«Наступает минута прощания,
Ты глядишь мне с тревогой в глаза…»
Ну, что я могу сказать вам, мои братцы
матросы, моряки! Эти строки и по сей день нам
так бередят душу, что прошибает слеза! Ай нет?
Вот ваш перрон, где безутешно плачут матери,
невесты, жёны, невесты…Молча жмут руку отцы,
друзья, братья и деды. Одним словом, - прощаются.
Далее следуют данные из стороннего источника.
Lemma norm_path_taylor_le f (c : I -> R) B (s : seq I) q r :
  \sum_(i <- s) `|c i| <= r ->
  (forall z i, `|z - q| <= r -> derivable f z (e i)) ->
  (forall z i j, `|z - q| <= r -> derivable ('D_(e i) f) z (e j)) ->
  (forall z i j, `|z - q| <= r -> `|'D_(e j) ('D_(e i) f) z| <= B) ->
  `|f (q + \sum_(i <- s) c i *: e i) - f q - \sum_(i <- s) c i * 'D_(e i) f q|
    <= B * (\sum_(i <- s) `|c i|) ^+ 2.
Proof.
elim: s q r => [|i s IH] q r.
  by rewrite !big_nil addr0 !subrr normr0 expr0n mulr0.
rewrite !big_cons addrA => sr fD fDD DDB.
pose S : R := \sum_(j <- s) `|c j|; set q' := q + c i *: e i.
have {}sr : `|c i| + S <= r := sr.
have S0 : 0 <= S by apply: sumr_ge0.
have cr : `|c i| <= r by lra.
have on_line t : `|t| <= `|c i| -> `|q + t *: e i - q| <= r.
  by move=> tc; apply: line_in_ball (e_le1 i) (le_trans tc cr).
have q_in : `|q - q| <= r by rewrite subrr normr0 (le_trans _ cr).
have B0 : 0 <= B := le_trans (normr_ge0 _) (DDB q i i q_in).
have Sr : S <= r - `|c i| by lra.
have tail := IH q' _ Sr (fun z j zr => fD z j (ball_step (e_le1 i) zr))
  (fun z j k zr => fDD z j k (ball_step (e_le1 i) zr))
  (fun z j k zr => DDB z j k (ball_step (e_le1 i) zr)).
have head : `|f q' - f q - c i * 'D_(e i) f q| <= `|c i| ^+ 2 * B.
  by apply: taylor_line_le => t /on_line tr;
    [apply: fD | apply: fDD | apply: DDB].
have shift_derivatives : `|\sum_(j <- s) c j * ('D_(e j) f q' - 'D_(e j) f q)|
    <= S * (`|c i| * B).
  rewrite (le_trans (ler_norm_sum _ _ _)) // /S big_distrl /=.
  apply: ler_sum => j _; rewrite normrM ler_wpM2l //.
  have [t [/on_line tr ->]] := mvt_line (z := q) (b := e i) (c := c i)
    (fun t tc => fDD _ j i (on_line t tc)).
  by rewrite normrM ler_wpM2l // DDB.
have sumBE : \sum_(j <- s) c j * ('D_(e j) f q' - 'D_(e j) f q) =
    \sum_(j <- s) c j * 'D_(e j) f q' - \sum_(j <- s) c j * 'D_(e j) f q.
  by rewrite -sumrB; apply: eq_bigr => j _; rewrite mulrBr.
move: shift_derivatives; rewrite sumBE => sd.
set T1 := f (q' + _) - f q' - _ in tail; set T2 := _ - _ in sd.
set T3 := _ - _ in head.
have -> : f (q' + \sum_(j <- s) c j *: e j) - f q -
    (c i * 'D_(e i) f q + \sum_(j <- s) c j * 'D_(e j) f q) = T1 + T2 + T3.
  by rewrite /T1 /T2 /T3; ring.
rewrite (le_trans (ler_normD _ _)) //.
rewrite (le_trans (lerD (ler_normD _ _) (lexx _))) //.
change (`|T1| + `|T2| + `|T3| <= B * (`|c i| + S) ^+ 2).
have {}tail : `|T1| <= B * S ^+ 2 := tail.
have := mulr_ge0 (mulr_ge0 B0 (normr_ge0 (c i))) S0; nra.
Qed.

End DirectionalTaylor.

Section MatrixNorm.
Variable R : realType.

Lemma mxentry_le_norm m n (A : 'M[R]_(m, n)) i j : `|A i j| <= `|A|.
Proof.
rewrite [leRHS]/Num.Def.normr /= mx_normrE.
exact: (le_bigmax 0 (fun ij : 'I_m * 'I_n => `|A ij.1 ij.2|) (i, j)).
Qed.

Lemma mx_norm_le m n (A : 'M[R]_(m, n)) (B : R) :
  0 <= B -> (forall i j, `|A i j| <= B) -> `|A| <= B.
Proof.
move=> B0 AB; rewrite [leLHS]/Num.Def.normr /= mx_normrE.
by apply: bigmax_le => // -[i j] _; apply: AB.
Qed.

Lemma mulmx_norm_le m n p (A : 'M[R]_(m, n)) (B : 'M[R]_(n, p)) :
  `|A *m B| <= n%:R * `|A| * `|B|.
Proof.
apply: mx_norm_le => [|i j]; first by rewrite !mulr_ge0.
rewrite mxE (le_trans (ler_norm_sum _ _ _)) //.
under eq_bigr do rewrite normrM.
apply: le_trans (ler_sum _ (fun k _ => ler_pM (normr_ge0 _) (normr_ge0 _)
   (mxentry_le_norm A i k) (mxentry_le_norm B k j))) _.
by rewrite sumr_const card_ord -mulrA mulr_natl.
Qed.

Lemma trmx_norm m n (A : 'M[R]_(m, n)) : `|A^T| = `|A|.
Proof.
apply/le_anti/andP; split; apply: mx_norm_le => // i j.
  by rewrite mxE mxentry_le_norm.
by have := mxentry_le_norm A^T j i; rewrite mxE.
Qed.

End MatrixNorm.

Section SpaceTimeCoordinates.
Variables (R : realType) (d : nat).
Implicit Types (p q v : spt R d).

(* Index [lift ord_max j] is the space direction j, index [ord_max] is time. *)
Definition st_basis (l : 'I_d.+1) : spt R d :=
  if unlift ord_max l is Some j then (evec R j, 0) else (0, 1).

Definition st_coord (l : 'I_d.+1) q : R :=
  if unlift ord_max l is Some j then q.1 0 j else q.2.

Lemma big_ord_recr_lift (W : nmodType) (F : 'I_d.+1 -> W) :
  \sum_l F l = \sum_(j < d) F (lift ord_max j) + F ord_max.
Proof.
rewrite big_ord_recr /=; congr (_ + _); apply: eq_bigr => j _.
by congr F; apply: val_inj; exact/esym/lift_max.
Qed.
Нет, И не на освоение целинных земель, либо на
покорение Сибири едет ваш поезд. А покатит он
на самый Дальний Восток, либо на Крайний
Север. А ещё точнее - на службу Родине на
берегах её и в морях-океанах. На кораблях и
подводных лодках и на долгие годы. Во всяком
случае- так было всегда: флотская служба
требовала куда большего разумения, навыков, а
по сему гораздо большего срока пребывания
на ней. Идут мужчины заниматься исконно
мужским делом: ратным. А это всегда опасно
и может статься, что «прищемит пальчик», а
то и всё туловище. Вот и прощаются, слёзы льют.
Прощай, отчий край,
Ты нас вспоминай!
Прощай, милый взгляд…
Прости-прощай,
Прости-прощай!
Свистнул гудок паровоза-электровоза,
грохнули буферами вагоны, скрипнули о рельсы
колёса. Последние стенания, всхлипы,
причитания. И команда: «Па-а ва-го-о нам!!»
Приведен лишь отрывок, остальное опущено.